Kadis LH Wajo Beri Piso Dapur ke Konsultan Lingkungan, Simbol Gerakan Pilah Sampah dari Rumah

Penulis: Ramli Siregar  •  Sabtu, 22 Agustus 2026 | 14:44:01 WIB
Kadis LH Wajo menyerahkan piso dapur kepada konsultan lingkungan sebagai simbol Gerakan PISOTA' dalam pembahasan dokumen UKL-UPL perumahan.

WAJO — Sebuah piso dapur menjadi hadiah tak biasa dalam pembahasan dokumen lingkungan di Kabupaten Wajo. Kepala Dinas Lingkungan Hidup (DLH) Wajo, Andi Fakhrul Rijal B, menyerahkan langsung alat dapur tersebut kepada konsultan lingkungan yang tengah menyusun dokumen UKL-UPL perumahan developer.

Hadiah ini bukan sekadar cendera mata. Piso dapur dipilih sebagai simbol Gerakan PISOTA' — singkatan dari Pilah Sampahta, Olah Sampahta, Tanami Pekaranganta.

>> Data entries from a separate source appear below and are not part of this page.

(* Let $S=\{s_1,\dots,s_{k_1}\}$ and $T=\{t_1,\dots,t_{k_2}\}$ be nonempty sets of positive integers and $d=\gcd\{s+t: s\in S,t\in T\}$. Then there exist integers $a_1,\dots,a_{k_1},b_1,\dots,b_{k_2}$ such that $$d=\sum_{i=1}^{k_1}a_is_i-\sum_{i=1}^{k_2}b_it_i\quad\text{and}\quad\sum_{i=1}^{k_1}a_i+\sum_{i=1}^{k_2}b_i=0.$$ *)

From mathcomp Require Import all_boot all_order all_algebra.
Set Implicit Arguments. Unset Strict Implicit. Unset Printing Implicit Defensive.
Import Order.TTheory GRing.Theory Num.Theory.

Definition gcd_sums (k1 k2 : nat) (s : 'I_k1 -> nat) (t : 'I_k2 -> nat) : nat :=
  \big[gcdn/0]_(i < k1) \big[gcdn/0]_(j < k2) (s i + t j).

(* The integers of the form sum_i a_i s_i - sum_j b_j t_j with sum_i a_i + sum_j b_j = 0
   form an ideal of Z.  It contains every s_i + t_j (take a = e_i and b = -e_j), hence,
   by Bezout, the gcd of all of them. *)

From mathcomp Require Import all_boot all_order all_algebra.
Import Order.TTheory GRing.Theory Num.Theory.
Local Open Scope ring_scope.

Lemma sum_eq_mulr (R : pzSemiRingType) n (i : 'I_n) (f : 'I_n -> R) :
  \sum_(j < n) (j == i)%:R * f j = f i.
Proof.
by rewrite (bigD1 i) //= eqxx mul1r big1 ?addr0 // => j /negbTE->; rewrite mul0r.
Qed.

Lemma sum_eq_natr (R : pzSemiRingType) n (i : 'I_n) :
  \sum_(j < n) (j == i)%:R = 1 :> R.
Proof. by under eq_bigr do rewrite -[_%:R]mulr1; rewrite sum_eq_mulr. Qed.

Section BalancedCombination.

Variables (R : pzRingType) (k1 k2 : nat) (s : 'I_k1 -> R) (t : 'I_k2 -> R).

Definition balanced_comb (x : R) :=
  exists (a : 'I_k1 -> R) (b : 'I_k2 -> R),
    x = \sum_(i < k1) a i * s i - \sum_(j < k2) b j * t j
    /\ \sum_(i < k1) a i + \sum_(j < k2) b j = 0.

Lemma balanced_comb0 : balanced_comb 0.
Proof.
exists (fun=> 0), (fun=> 0).
by rewrite !big1 ?subr0 ?addr0 // => i _; rewrite mul0r.
Qed.

Lemma balanced_combD x y :
  balanced_comb x -> balanced_comb y -> balanced_comb (x + y).
Proof.
move=> [a1 [b1 [-> sum1]]] [a2 [b2 [-> sum2]]].
exists (fun i => a1 i + a2 i), (fun j => b1 j + b2 j); split.
  rewrite addrACA -opprD -!big_split /=.
  by congr (_ - _); apply: eq_bigr => *; rewrite mulrDl.
by rewrite !big_split /= addrACA sum1 sum2 addr0.
Qed.

Lemma balanced_combMl u x : balanced_comb x -> balanced_comb (u * x).
Proof.
move=> [a [b [-> sum0]]]; exists (fun i => u * a i), (fun j => u * b j); split.
  by rewrite mulrBr !mulr_sumr; congr (_ - _); apply: eq_bigr => *; rewrite mulrA.
by rewrite -!mulr_sumr -mulrDr sum0 mulr0.
Qed.

Lemma balanced_comb_addr i j : balanced_comb (s i + t j).
Proof.
exists (fun i' => (i' == i)%:R), (fun j' => - (j' == j)%:R).
under [X in _ - X]eq_bigr do rewrite mulNr.
by rewrite sumrN !sum_eq_mulr opprK sumrN !sum_eq_natr subrr.
Qed.

End BalancedCombination.

Arguments balanced_comb {R k1 k2} s t x.

Section IntegerBalancedCombination.

Variables (k1 k2 : nat) (s : 'I_k1 -> int) (t : 'I_k2 -> int).

Lemma balanced_comb_gcdn (m n : nat) :
  balanced_comb s t m -> balanced_comb s t n -> balanced_comb s t (gcdn m n).
Proof.
move=> comb_m comb_n; change (balanced_comb s t (gcdz m n)).
have [u [v <-]] := Bezoutz m n.
by apply: balanced_combD; apply: balanced_combMl.
Qed.

Lemma balanced_comb_big_gcdn (I : Type) (r : seq I) (P : pred I) (F : I -> nat) :
  (forall i, P i -> balanced_comb s t (F i)) ->
  balanced_comb s t (\big[gcdn/0%N]_(i <- r | P i) F i).
Proof.
by apply: (big_ind (fun n : nat => balanced_comb s t n));
  [exact: balanced_comb0 | exact: balanced_comb_gcdn].
Qed.

End IntegerBalancedCombination.

Theorem lemma4p1 (k1 k2 : nat) (s : 'I_k1 -> nat) (t : 'I_k2 -> nat) :
  (0 < k1)%N -> (0 < k2)%N ->
  injective s -> injective t ->
  (forall i, (0 < s i)%N) -> (forall j, (0 < t j)%N) ->
  exists (a : 'I_k1 -> int) (b : 'I_k2 -> int),
    (gcd_sums s t)%:Z = \sum_(i < k1) a i * (s i)%:Z - \sum_(j < k2) b j * (t j)%:Z
    /\ \sum_(i < k1) a i + \sum_(j < k2) b j = 0.
Proof.
move=> _ _ _ _ _ _.
apply: (@balanced_comb_big_gcdn _ _ (fun i => (s i)%:Z) (fun j => (t j)%:Z)) => i _.
apply: balanced_comb_big_gcdn => j _.
exact: balanced_comb_addr.
Qed.
Definition PropertyB (R : realType) (n : nat) (f : 'rV[R]_n -> 'rV[R]_n)
    (h : 'rV[R]_n -> R) (S : set 'rV[R]_n) (j : nat) : Prop :=
  forall xa xb : 'rV[R]_n, S xa -> S xb -> xa != xb ->
    Hmap f h j xa = Hmap f h j xb ->
    exists (xak xbk : nat -> 'rV[R]_n),
      (forall k, S (xak k) /\ S (xbk k)) /\
      (fun k => (xak k, xbk k)) @ \oo --> (xa, xb) /\
      (forall k, Hmap f h j (xak k) = Hmap f h j (xbk k) /\
         (\rank (jacH f h j.-1 (xak k)) = j.-1 \/
          \rank (jacH f h j.-1 (xbk k)) = j.-1)).

From HB Require Import structures.
From mathcomp Require Import all_boot all_order all_algebra.
From mathcomp Require Import all_classical all_reals all_analysis.
From mathcomp Require Import ring lra.
Import Order.TTheory GRing.Theory Num.Theory.
Import numFieldNormedType.Exports.
Local Open Scope classical_set_scope.
Local Open Scope ring_scope.

Set Implicit Arguments.
Unset Strict Implicit.
Unset Printing Implicit Defensive.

Alasannya sederhana: piso digunakan setiap hari di dapur, tepat di lokasi sampah makanan dan sampah rumah tangga dihasilkan.

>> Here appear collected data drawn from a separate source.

(* Let $a\in[0,4)$. Then for every $s\in Q_a$, $\lim_{n\to\infty}W^n(s)=(0,0,0,0)$.
   Context: $W:\mathbb{R}^4\to\mathbb{R}^4$ is the map $W(x,y,u,v)=(x',y',u',v')$ with $x'=\tfrac12 xu+\tfrac14 yu$, $y'=\tfrac12 xv+\tfrac14 yu+\tfrac13 yv$, $u'=\tfrac12 xu+\tfrac12 xv+\tfrac14 yu+\tfrac13 yv$, $v'=\tfrac14 yu+\tfrac13 yv$. $W^n$ denotes the $n$-fold iterate. $P=\{(x,y,u,v): x,y,u,v\ge0\}$ and $Q_a=\{(x,y,u,v)\in P: x+y+u+v\le a\}$. *)

From Stdlib Require Import Reals.
Open Scope R_scope.

Record R4 := mkR4 { cx : R; cy : R; cu : R; cv : R }.

Definition W (s : R4) : R4 :=
  let x := cx s in let y := cy s in let u := cu s in let v := cv s in
  mkR4 (1/2 * x * u + 1/4 * y * u)
       (1/2 * x * v + 1/4 * y * u + 1/3 * y * v)
       (1/2 * x * u + 1/2 * x * v + 1/4 * y * u + 1/3 * y * v)
       (1/4 * y * u + 1/3 * y * v).

Fixpoint Wn (n : nat) (s : R4) : R4 :=
  match n with O => s | S k => W (Wn k s) end.

Definition in_P (s : R4) : Prop :=
  0 <= cx s /\ 0 <= cy s /\ 0 <= cu s /\ 0 <= cv s.

Definition in_Q (a : R) (s : R4) : Prop :=
  in_P s /\ cx s + cy s + cu s + cv s <= a.

Definition R4_cv (f : nat -> R4) (l : R4) : Prop :=
  Un_cv (fun n => cx (f n)) (cx l) /\ Un_cv (fun n => cy (f n)) (cy l) /\
  Un_cv (fun n => cu (f n)) (cu l) /\ Un_cv (fun n => cv (f n)) (cv l).

From Stdlib Require Import Reals Lra Psatz.
Open Scope R_scope.

(* The total mass m = x + y + u + v of a point of P is mapped to (x + y)(u + v) <= m^2 / 4,
   so while m < 4 it contracts at least geometrically with ratio m / 4; every coordinate
   is squeezed between 0 and the mass. *)

Lemma Un_cv_squeeze_0 (f g : nat -> R) :
  (forall n, 0 <= f n <= g n) -> Un_cv g 0 -> Un_cv f 0.
Proof.
  intros Hfg Hg eps Heps.
  destruct (Hg eps Heps) as [N HN].
  exists N; intros n Hn.
  specialize (HN n Hn); specialize (Hfg n).
  unfold R_dist in *; rewrite Rminus_0_r in *.
  rewrite Rabs_right in * by lra.
  lra.
Qed.

Lemma Un_cv_scal_pow_0 (c q : R) : Rabs q < 1 -> Un_cv (fun n => c * q ^ n) 0.
Proof.
  intros Hq.
  rewrite <- (Rmult_0_r c).
  apply CV_mult.
  - intros eps Heps; exists 0%nat; intros n _.
    unfold R_dist; rewrite Rminus_diag, Rabs_R0; exact Heps.
  - intros eps Heps.
    destruct (pow_lt_1_zero q Hq eps Heps) as [N HN].
    exists N; intros n Hn.
    unfold R_dist; rewrite Rminus_0_r; exact (HN n Hn).
Qed.

Definition mass (s : R4) : R := cx s + cy s + cu s + cv s.

Lemma mass_W (s : R4) : mass (W s) = (cx s + cy s) * (cu s + cv s).
Proof. unfold mass, W; simpl; field. Qed.

Lemma mass_W_le (s : R4) : mass (W s) <= mass s ^ 2 / 4.
Proof.
  rewrite mass_W; unfold mass.
  pose proof (pow2_ge_0 (cx s + cy s - (cu s + cv s))).
  nra.
Qed.

Lemma W_in_P (s : R4) : in_P s -> in_P (W s).
Proof.
  unfold in_P, W; simpl; intros [hx [hy [hu hv]]].
  repeat split; nra.
Qed.

Lemma Wn_in_P (n : nat) (s : R4) : in_P s -> in_P (Wn n s).
Proof.
  intros hs; induction n as [|n IH]; simpl; [exact hs | exact (W_in_P _ IH)].
Qed.

Lemma mass_nonneg (s : R4) : in_P s -> 0 <= mass s.
Proof. unfold in_P, mass; lra. Qed.

Lemma mass_Wn_le (n : nat) (s : R4) :
  in_P s -> mass s <= 4 -> mass (Wn n s) <= mass s * (mass s / 4) ^ n.
Proof.
  intros hs hm.
  set (m := mass s) in *.
  assert (hm0 : 0 <= m) by exact (mass_nonneg s hs).
  induction n as [|n IH]; simpl.
  - rewrite Rmult_1_r; apply Rle_refl.
  - set (t := Wn n s) in *.
    assert (ht0 : 0 <= mass t) by exact (mass_nonneg t (Wn_in_P n s hs)).
    assert (hq0 : 0 <= (m / 4) ^ n) by (apply pow_le; lra).
    assert (hq1 : (m / 4) ^ n <= 1) by (rewrite <- (pow1 n); apply pow_incr; lra).
    assert (hsq : mass t ^ 2 <= (m * (m / 4) ^ n) ^ 2) by (apply pow_incr; lra).
    assert (hshrink : m * (m / 4) ^ n <= m)
      by (pose proof (Rmult_le_compat_l m _ _ hm0 hq1); lra).
    assert (0 <= m * (m / 4) ^ n) by (apply Rmult_le_pos; lra).
    pose proof (mass_W_le t).
    nra.
Qed.

Lemma coord_Wn_cv_0 (coord : R4 -> R) (s : R4) :
  (forall t, in_P t -> 0 <= coord t <= mass t) ->
  in_P s -> mass s < 4 -> Un_cv (fun n => coord (Wn n s)) 0.
Proof.
  intros hcoord hs hm.
  apply (Un_cv_squeeze_0 _ (fun n => mass s * (mass s / 4) ^ n)).
  - intros n.
    pose proof (hcoord _ (Wn_in_P n s hs)).
    pose proof (mass_Wn_le n s hs (Rlt_le _ _ hm)).
    lra.
  - apply Un_cv_scal_pow_0.
    pose proof (mass_nonneg s hs).
    rewrite Rabs_right; lra.
Qed.

Theorem lemma3p2 (a : R) (ha0 : 0 <= a) (ha4 : a < 4) (s : R4) (hs : in_Q a s) :
  R4_cv (fun n => Wn n s) (mkR4 0 0 0 0).
Proof.
  destruct hs as [hP hsum].
  assert (hm : mass s < 4) by (unfold mass; lra).
  unfold R4_cv; simpl.
  repeat split; apply coord_Wn_cv_0; auto;
    intros t [hx [hy [hu hv]]]; unfold mass; lra.
Qed.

Gerakan PISOTA' Masuk Dokumen UKL-UPL Perumahan

Langkah konsultan lingkungan itu dinilai sebagai dukungan nyata terhadap pengelolaan sampah sejak dari sumbernya. Dengan masuknya program PISOTA' ke dalam dokumen UKL-UPL, kewajiban pengelolaan sampah tidak lagi sekadar formalitas, melainkan terencana sejak tahap perizinan.

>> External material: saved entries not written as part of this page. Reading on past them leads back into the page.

Lemma uniq_map_fst_inj (A B : eqType) (s : seq (A * B)) :
  uniq (map fst s) -> {in s &, injective fst}.
Proof.
move=> uniq_s x y xs ys exy.
have index_fst z : z \in s -> index z s = index z.1 (map fst s).
  move=> zs; rewrite -{2}(nth_index z zs) -(nth_map z z.1) ?index_mem //.
  by rewrite index_uniq ?size_map ?index_mem.
by rewrite -(nth_index x xs) -(nth_index x ys) !index_fst // exy.
Qed.

Fixpoint dnode_ind_nested (P : dnode -> Prop) (HL : forall d, P (Leaf d))
  (HN : forall a ch, (forall x, List.In x ch -> P x.2) -> P (Node a ch))
  (t : dnode) : P t :=
  match t with
  | Leaf d => HL d
  | Node a ch => HN a ch ((fix go (l : seq (nat * dnode)) :
                            forall x, List.In x l -> P x.2 :=
       match l with
       | [::] => fun x H => match H with end
       | (d0, c) :: l' => fun x H => match H with
           | or_introl E =>
               eq_ind (d0, c) (fun z => P z.2) (dnode_ind_nested HL HN c) x E
           | or_intror H' => go l' x H'
           end
       end) ch)
  end.

Lemma node_paths_wf k (atts : seq nat) t : node_wf k atts t ->
  forall p, p \in node_paths t -> all (fun q => q.1 \in atts) p.1.
Proof.
elim/dnode_ind_nested: t => [d|a ch IH] /=; first by move=> _ p; rewrite inE => /eqP->.
case/and3P => a_atts _.
elim: ch IH => [|[d c] l IHl] IH //= /and3P [_ c_wf l_wf] p.
rewrite mem_cat => /orP [/mapP [p' p'_c ->]|p_l].
  by rewrite /= a_atts; apply: (IH (d, c)) => //; left.
by apply: IHl => // x x_l; apply: IH; right.
Qed.

Lemma tree_paths_wf k (atts : seq nat) (G : dtree) : tree_wf k atts G ->
  forall p, p \in tree_paths G -> all (fun q => q.1 \in atts) p.1.
Proof.
case/andP => _; rewrite /tree_paths; elim: G => [|t G IH] //= /andP [t_wf G_wf] p.
by rewrite mem_cat => /orP [/(node_paths_wf t_wf)|/(IH G_wf)].
Qed.

Fixpoint chain (w : seq (nat * nat)) (d : nat) : dnode :=
  if w is (a, v) :: w' then Node a [:: (v, chain w' d)] else Leaf d.

Lemma chain_paths w d : node_paths (chain w d) = [:: (w, d)].
Proof. by elim: w => [|[a v] w IH] //=; rewrite IH. Qed.

Lemma chain_wf k (atts : seq nat) w d :
  all (fun q => (q.1 \in atts) && (q.2 < k)) w -> node_wf k atts (chain w d).
Proof. by elim: w => [|[a v] w IH] //= /andP [/andP [-> ->] /IH ->]. Qed.

Definition chains (ps : seq (seq (nat * nat) * nat)) : dtree :=
  [seq chain p.1 p.2 | p <- ps].

Lemma chains_paths ps : tree_paths (chains ps) = ps.
Proof.
by elim: ps => // -[w d] ps IH; rewrite /tree_paths /= chain_paths cat1s; congr cons.
Qed.

Lemma chains_wf k (atts : seq nat) ps : ps != [::] ->
  (forall p, p \in ps -> all (fun q => (q.1 \in atts) && (q.2 < k)) p.1) ->
  tree_wf k atts (chains ps).
Proof.
move=> ps_n0 ps_wf; rewrite /tree_wf size_map lt0n size_eq0 ps_n0 /=.
by rewrite all_map; apply/allP => p p_ps; apply/chain_wf/ps_wf.
Qed.

Section Certificates.
Variables (k : nat) (psi : seq nat -> nat) (T : table).
Hypothesis T_wf : table_wf k T.

Local Notation C := (cols T).

Definition assign (delta : seq nat) (ix : seq nat) : seq (nat * nat) :=
  [seq (nth 0 C i, nth 0 delta i) | i <- ix].

Lemma M_psi_le delta ix :
  all (fun i => i < size C) ix -> has_common (subtable T (assign delta ix)) ->
  M_psi psi T delta <= psi [seq nth 0 C i | i <- ix].
Proof. by move=> ix_C common; apply: nat_min_le; exists ix. Qed.

Lemma rval_nth r i : i < size C -> rval T r (nth 0 C i) = nth 0 r i.
Proof. by case: T_wf => uniq_C _ _ i_C; rewrite /rval index_uniq. Qed.

Lemma row_in_assign_subtable r ix : r \in rows T ->
  all (fun i => i < size C) ix -> r \in rows (subtable T (assign r.1 ix)).
Proof.
move=> r_T ix_C; rewrite mem_filter r_T andbT.
by apply/allP => _ /mapP [i i_ix ->] /=; rewrite rval_nth ?(allP ix_C).
Qed.

(* Assigning all columns isolates a single row, since rows are pairwise different. *)
Lemma full_assign_common r : r \in rows T ->
  has_common (subtable T (assign r.1 (iota 0 (size C)))).
Proof.
case: T_wf => _ uniq_rows rows_wf r_T.
have [r_size _ r_dec] := rows_wf r r_T.
right; exists (head 0 r.2) => s; rewrite mem_filter => /andP [s_r s_T].
have [s_size _ _] := rows_wf s s_T.
have -> : s = r.
  apply: (uniq_map_fst_inj uniq_rows) => //.
  apply: (@eq_from_nth _ 0) => [|i]; first by rewrite s_size r_size.
  rewrite s_size => i_C; rewrite -(rval_nth s.1 i_C).
  have i_iota : i \in iota 0 (size C) by rewrite mem_iota.
  by move/eqP: (allP s_r _ (map_f (fun j => (nth 0 C j, nth 0 r.1 j)) i_iota)).
by move: r_dec; case: r.2 => // d D _; rewrite mem_head.
Qed.

Lemma M_psi_attained delta : delta \in Delta T ->
  exists ix, [/\ all (fun i => i < size C) ix,
    has_common (subtable T (assign delta ix)) &
    psi [seq nth 0 C i | i <- ix] = M_psi psi T delta].
Proof.
case/mapP => r r_T ->.
rewrite /M_psi; set P := (X in nat_min X); change (P (nat_min P)).
apply: (@nat_minP P); exists (iota 0 (size C)); split=> //.
  by apply/allP => i; rewrite mem_iota.
exact: full_assign_common.
Qed.

Lemma assign_index delta (w : seq (nat * nat)) :
  all (fun q => q.1 \in C) w -> all (fun q => rval T delta q.1 == q.2) w ->
  assign delta [seq index q.1 C | q <- w] = w.
Proof.
move=> w_C w_delta; rewrite /assign -map_comp -[RHS]map_id.
apply/eq_in_map => -[a v] q_w /=.
by rewrite nth_index ?(allP w_C _ q_w) //; congr pair; apply/eqP: (allP w_delta _ q_w).
Qed.

End Certificates.

Section Bounds.
Variables (k : nat) (psi : seq nat -> nat) (T : table).

Lemma max_M_psi_le_tree G : nondet_tree k T G ->
  \max_(d <- Delta T) M_psi psi T d <= psi_tree psi G.
Proof.
case=> G_wf cover path_common; apply/bigmax_leqP_seq => delta delta_T _.
have [p p_G /mapP [r r_p delta_r]] := cover _ delta_T.
move: r_p; rewrite mem_filter => /andP [r_p _].
have p_C := tree_paths_wf G_wf p_G.
have p_delta : all (fun q => rval T delta q.1 == q.2) p.1 by rewrite delta_r.
have w_p := assign_index p_C p_delta.
set ix := [seq index q.1 (cols T) | q <- p.1].
have ix_C : all (fun i => i < size (cols T)) ix.
  by apply/allP => _ /mapP [q q_p ->]; rewrite index_mem (allP p_C).
have ix_common : has_common (subtable T (assign T delta ix)).
  by rewrite w_p; have [|] := path_common p p_G; [left | right; exists p.2].
apply: leq_trans (M_psi_le psi ix_C ix_common) _.
have -> : [seq nth 0 (cols T) i | i <- ix] = map fst p.1.
  by rewrite -(congr1 (map fst) w_p) /assign -map_comp.
exact: (leq_bigmax_seq (F := fun p => psiw psi p.1)).
Qed.

Hypotheses (T_wf : table_wf k T) (T_n0 : rows T != [::]).

Lemma exists_nondet_tree_le_max_M_psi :
  exists2 G, nondet_tree k T G & psi_tree psi G <= \max_(d <- Delta T) M_psi psi T d.
Proof.
pose cert delta ix := [/\ all (fun i => i < size (cols T)) ix,
  has_common (subtable T (assign T delta ix)) &
  psi [seq nth 0 (cols T) i | i <- ix] = M_psi psi T delta].
pose ix_of delta := epsilon (inhabits [::]) (cert delta).
have ix_ofP delta : delta \in Delta T -> cert delta (ix_of delta).
  by move=> delta_T; apply: epsilon_spec; exact: (M_psi_attained psi T_wf delta_T).
pose path_of delta := (assign T delta (ix_of delta),
  epsilon (inhabits 0) (in_Pi (subtable T (assign T delta (ix_of delta))))).
exists (chains (map path_of (Delta T))); last first.
  rewrite /psi_tree chains_paths big_map; apply/bigmax_leqP_seq => delta delta_T _.
  have [_ _ psi_ix] := ix_ofP _ delta_T.
  by rewrite /psiw /assign -map_comp /= psi_ix leq_bigmax_seq.
split; rewrite ?chains_paths.
- apply: chains_wf; first by rewrite -size_eq0 /Delta !size_map size_eq0.
  move=> _ /mapP [delta delta_T ->]; have [ix_C _ _] := ix_ofP _ delta_T.
  have /mapP [r r_T delta_r] := delta_T; have [_ _ /(_ r r_T) [r_size r_k _]] := T_wf.
  apply/allP => _ /mapP [i i_ix ->] /=; have i_C := allP ix_C i i_ix.
  by rewrite mem_nth //= delta_r (allP r_k) // mem_nth // r_size.
- move=> _ /mapP [r r_T ->]; exists (path_of r.1); first by rewrite map_f ?map_f.
  have [ix_C _ _] := ix_ofP _ (map_f fst r_T).
  exact: (map_f fst (row_in_assign_subtable T_wf r_T ix_C)).
- move=> _ /mapP [delta delta_T ->].
  have [_ [rows0|[d d_Pi]] _] := ix_ofP _ delta_T; [by left | right].
  exact: epsilon_spec (ex_intro _ d d_Pi).
Qed.

End Bounds.

Theorem lemma6 (k : nat) (psi : seq nat -> nat) (T : table) :
  2 <= k -> bounded_measure psi -> table_wf k T -> ~ has_common T ->
  psi_a k psi T = \max_(d <- Delta T) M_psi psi T d.
Proof.
move=> _ _ T_wf T_nc.
have T_n0 : rows T != [::] by apply/eqP => T0; apply: T_nc; left.
have [G G_T G_le] := exists_nondet_tree_le_max_M_psi psi T_wf T_n0.
rewrite /psi_a; set P := (X in nat_min X).
have G_P : P (psi_tree psi G) by exists G.
have [[G0 [G0_T G0_min]] _] := nat_min_is_least G_P.
apply/eqP; rewrite eqn_leq (leq_trans (nat_min_le G_P) G_le) -G0_min /=.
exact: max_M_psi_le_tree G0_T.
Qed.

Andi Fakhrul Rijal B mengapresiasi inisiatif tersebut. Menurutnya, pengelolaan sampah harus menjadi bagian dari perencanaan pembangunan, bukan dipikirkan belakangan.

"PISOTA' harus masuk dalam perencanaan pembangunan. Kita ingin pengelolaan sampah dimulai dari sumbernya, termasuk dari lingkungan perumahan," ujarnya.

Dorong Developer Siapkan Sistem Pengelolaan Sampah

DLH Wajo berharap langkah konsultan ini diikuti oleh konsultan lingkungan dan developer lainnya. Setiap pembangunan perumahan ke depan diharapkan tidak hanya memperhatikan aspek bangunan, tetapi juga menyiapkan sistem pengelolaan sampah yang baik.

Konsep PISOTA' sendiri menekankan tiga aksi utama: memilah sampah, mengolah sampah, dan menanami pekarangan. Pendekatan ini mengajak masyarakat memulai perubahan dari unit terkecil, yakni rumah tangga.

Bagi DLH Wajo, dapur menjadi titik awal yang strategis. Dari sana, kebiasaan memilah sampah organik dan anorganik bisa tumbuh, lalu berlanjut pada pengolahan sampah menjadi sesuatu yang berguna, hingga memanfaatkan pekarangan untuk ditanami.

Pemberian piso dapur ini menjadi pengingat bahwa pengelolaan sampah tidak harus dimulai dengan teknologi mahal atau infrastruktur besar, melainkan dari kebiasaan harian di rumah.

Reporter: Ramli Siregar
Sumber: celoteh.online This article was automatically rewritten by AI based on the source above without altering the facts of the original article.